I also can't help but notice the large number of complainer posts that are coming during school hours. Seems like you could be doing more for your kids than posting here at this time, but maybe that's a little too hands on for this team. Never change!
+ 1
Of course it would have been better if bars/restaurants closed and schools stayed open.
But that isn't something schools can control so they had to react in the face of very high community spread.
Hilarious that the PP thinks APS could force the hand of the county and force it to close bars. What I don't get is why the ire is focused on APS? Why not focus it on the Trump admin, the state or the county? APS had very little control here and just had to react to bad decisions made higher up.
People are just angry, don't know how governments works and want to blame, blame, blame and complain, complain, complain.
Anonymous wrote:Anonymous wrote:Nah, privileged is saying it's better that more people should have died than I should be inconvenienced to help my kid with virtual school this year, but you do you.
False choice. The schools that were open this year have proven that they were not major spreaders and did not increase deaths.
Anonymous wrote:Anonymous wrote:Mystified by these parents who in one breath are appalled by APS not providing all needed education and services this year and in the next breath are wishing APS had played chicken with the health and safety of Arlingtonians. Sure, that seems like a good calculus.
I can't decide whether these people are real or are just trolling for anti-APE sentiment. Do people really think like this?
I also can't help but notice the large number of complainer posts that are coming during school hours. Seems like you could be doing more for your kids than posting here at this time, but maybe that's a little too hands on for this team. Never change!
+ 1
Of course it would have been better if bars/restaurants closed and schools stayed open.
But that isn't something schools can control so they had to react in the face of very high community spread.
Hilarious that the PP thinks APS could force the hand of the county and force it to close bars. What I don't get is why the ire is focused on APS? Why not focus it on the Trump admin, the state or the county? APS had very little control here and just had to react to bad decisions made higher up.
People are just angry, don't know how governments works and want to blame, blame, blame and complain, complain, complain.
Anonymous wrote:Nah, privileged is saying it's better that more people should have died than I should be inconvenienced to help my kid with virtual school this year, but you do you.
Anonymous wrote:No I think APS did a good job trying to balance every different faction's concerns given the information that was available at the time.
I'm glad more people didn't die.

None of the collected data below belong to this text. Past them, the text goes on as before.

Lemma union_witnesses (T : finType) (I : eqType) (r : seq I)
    (Pr : I -> {set T} -> Prop) (c : nat) (Z : Prop) :
  (forall i (Y Y' : {set T}), Y \subset Y' -> Pr i Y -> Pr i Y') ->
  (forall i, i \in r -> Z \/ exists2 Y : {set T}, #|Y| <= c & Pr i Y) ->
  Z \/ exists2 X : {set T}, #|X| <= c * size r & forall i, i \in r -> Pr i X.
Proof.
move=> mono; elim: r => [|i r IH] wit; first by right; exists set0; rewrite ?cards0.
have [z|[Y cardY PY]] := wit i (mem_head i r); first by left.
have [z|[X cardX PX]] : Z \/ _ := IH (fun j jr => wit j (mem_behead (jr : j \in behead (i :: r)))).
  by left.
right; exists (Y :|: X); first by rewrite mulnS (leq_trans (leq_card_setU Y X).1) // leq_add.
move=> j; rewrite inE => /predU1P [->|jr]; first exact: mono (subsetUl Y X) PY.
exact: mono (subsetUr Y X) (PX j jr).
Qed.

(** * Menger's theorem for two links *)
Section TwoLinks.
Variable T : finType.
Implicit Types (e : rel T) (S W M X : {set T}) (p q : seq T).

(* Links are walks: their vertices may repeat. *)
Definition link e S W M p : Prop :=
  exists s mid m, p = s :: rcons mid m /\
    [/\ s \in S, m \in M, all (fun x => x \in W) mid & path e s (rcons mid m)].

Definition two_links_or_cut e S W M : Prop :=
  (exists p q, [/\ link e S W M p, link e S W M q & vdisjoint p q]) \/
  (exists X, #|X| <= 1 /\ forall p, link e S W M p -> has (fun v => v \in X) p).

Lemma link_sub e e' S S' W W' M M' p :
  subrel e e' -> S \subset S' -> W \subset W' -> M \subset M' ->
  link e S W M p -> link e' S' W' M' p.
Proof.
move=> ee' /subsetP SS' /subsetP WW' /subsetP MM' [s [mid [m [-> [sS mM midW pth]]]]].
exists s, mid, m; split => //; split; [exact: SS' | exact: MM' | | exact: sub_path pth].
by apply/allP => x /(allP midW) /WW'.
Qed.

Lemma link_cons e S W M p :
  link e S W M p -> exists s q, [/\ p = s :: q, s \in S & {subset q <= W :|: M}].
Proof.
case=> s [mid [m [-> [sS mM midW _]]]]; exists s, (rcons mid m); split => // x.
by rewrite mem_rcons in_setU => /predU1P [->|/(allP midW) ->]; rewrite ?mM ?orbT.
Qed.

Lemma link_shorten e S W M p : [disjoint S & M] -> link e S W M p ->
  exists s mid m,
    [/\ s \in S, m \in M, all (fun x => x \in W) mid, path e s (rcons mid m)
       & uniq (s :: rcons mid m)] /\ {subset s :: rcons mid m <= p}.
Proof.
move=> dSM [s [mid [m [-> [sS mM midW pth]]]]].
have [p' [pth' up' sub' Elast]] : exists p', [/\ path e s p', uniq (s :: p'),
    {subset p' <= rcons mid m} & last s p' = last s (rcons mid m)].
  by case: (shortenP pth) => p' *; exists p'.
rewrite last_rcons in Elast.
case/lastP: p' pth' up' sub' Elast => [_ _ _ /= sm|mid' m' pth' up' sub'].
  by rewrite -sm (disjointFr dSM sS) in mM.
rewrite last_rcons => Em'; subst m'.
have sub_mid : {subset mid' <= mid}.
  move=> x xmid'; have := sub' x; rewrite !mem_rcons !inE xmid' orbT => /(_ isT).
  by case/predU1P => [xm|//]; move: up'; rewrite /= rcons_uniq -xm xmid' andbF.
exists s, mid', m; split; first by split => //; apply/allP => x /sub_mid /(allP midW).
by move=> x; rewrite !inE !mem_rcons !inE => /or3P [->|->|/sub_mid ->]; rewrite ?orbT.
Qed.

Lemma cut_vertex_or_avoiding e S W M x :
  two_links_or_cut e S W M \/ exists2 p, link e S W M p & x \notin p.
Proof.
have [avoid|none] := classic (exists2 p, link e S W M p & x \notin p); first by right.
left; right; exists [set x]; rewrite cards1; split => // p lp.
apply/hasP; exists x; rewrite ?inE //; apply/negPn/negP => xp; by apply: none; exists p.
Qed.

Lemma link_avoid_or_after e S W M w p : w \in W -> link e S W M p ->
  link e S (W :\ w) M p \/
  exists2 q, link e [set w] (W :\ w) M (w :: q) & {subset w :: q <= p}.
Proof.
move=> wW [s [mid [m [-> [sS mM midW pth]]]]].
have [wmid|nwmid] := boolP (w \in mid); last first.
  left; exists s, mid, m; split => //; split => //; apply/allP => x xmid.
  by rewrite in_setD1 (allP midW _ xmid) andbT; apply: contraNneq nwmid => <-.
have [mid1 [mid2 [Emid nw2]]] := split_last wmid; right; exists (rcons mid2 m).
  exists w, mid2, m; split => //; split; rewrite ?inE //.
    apply/allP => x xmid2; rewrite in_setD1 (allP midW) ?Emid ?mem_cat ?inE ?xmid2 ?orbT //.
    by rewrite andbT; apply: contraNneq nw2 => <-.
  by move: pth; rewrite Emid rcons_cat cat_path => /andP [_ /= /andP [_ ->]].
move=> x; rewrite Emid !(inE, mem_rcons, mem_cat) => /or3P [] ->; by rewrite !orbT.
Qed.

Lemma link_notin e S W M p x :
  x \notin S -> x \notin W -> x \notin M -> link e S W M p -> x \notin p.
Proof.
move=> xS xW xM /link_cons [s [q [-> sS qWM]]]; rewrite inE negb_or.
by rewrite (contraNneq _ xS) => [|->] //=; apply: contra (qWM x) _; rewrite in_setU negb_or xW.
Qed.

Lemma link_restrict_head e S S' W M r t :
  link e S W M (r :: t) -> r \in S' -> link e S' W M (r :: t).
Proof. by case=> s [mid [m [[-> ->] [_ mM midW pth]]]] sS'; exists s, mid, m. Qed.

Lemma links_from_pair e W M s w p q :
  link e [set s; w] W M p -> link e [set s; w] W M q -> vdisjoint p q ->
  (link e [set s] W M p /\ link e [set w] W M q) \/
  (link e [set s] W M q /\ link e [set w] W M p).
Proof.
move=> lp lq /vdisjointP pq.
have [r1 [t1 [Ep r1sw _]]] := link_cons lp; have [r2 [t2 [Eq r2sw _]]] := link_cons lq.
have r12 : r1 != r2 by apply: contraTneq (pq r1 _) => [->|]; rewrite ?Eq ?Ep mem_head.
move: lp lq r12; rewrite Ep Eq.
case/set2P: r1sw => ->; case/set2P: r2sw => -> //; rewrite ?eqxx // => lp lq _.
  by left; split; [exact: link_restrict_head lp (set11 s) | exact: link_restrict_head lq (set11 w)].
by right; split; [exact: link_restrict_head lq (set11 s) | exact: link_restrict_head lp (set11 w)].
Qed.

Section Disjoint.
Variables (S W M : {set T}).
Hypotheses (dSW : [disjoint S & W]) (dSM : [disjoint S & M]) (dWM : [disjoint W & M]).

Lemma link_head_S e p x : link e S W M p -> x \in p -> x \in S -> head x p = x.
Proof.
case/link_cons => s [q [-> _ qWM]]; rewrite inE => /predU1P [-> //|/qWM].
by rewrite in_setU => /orP [] + xS; rewrite ?(disjointFr dSW xS) ?(disjointFr dSM xS).
Qed.

Lemma link_edge e p : (forall s w, s \in S -> w \in W -> ~~ e s w) -> link e S W M p ->
  exists s m, [/\ p = [:: s; m], s \in S & m \in M].
Proof.
move=> noSW [s [[|w mid] [m [-> [sS mM /= midW pth]]]]]; first by exists s, m.
by case/andP: midW => wW _; case/andP: pth => esw _; case/negP: (noSW s w sS wW).
Qed.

I feel bad for the kids who are going through a rough time academically right now, but also feel for the kids who have lost loved ones due to Covid. These academic losses may be felt over the next year or two while parents (hopefully) help kids who are behind catch back up, but the the people who have died from Covid won't be coming back.
Couldn't respond for a while here because I was helping my kid in remote learning. Feel like some of the complaining parents could do more helping and less complaining but ymmv (and it obviously does).
Anonymous wrote:Mystified by these parents who in one breath are appalled by APS not providing all needed education and services this year and in the next breath are wishing APS had played chicken with the health and safety of Arlingtonians. Sure, that seems like a good calculus.
I can't decide whether these people are real or are just trolling for anti-APE sentiment. Do people really think like this?
I also can't help but notice the large number of complainer posts that are coming during school hours. Seems like you could be doing more for your kids than posting here at this time, but maybe that's a little too hands on for this team. Never change!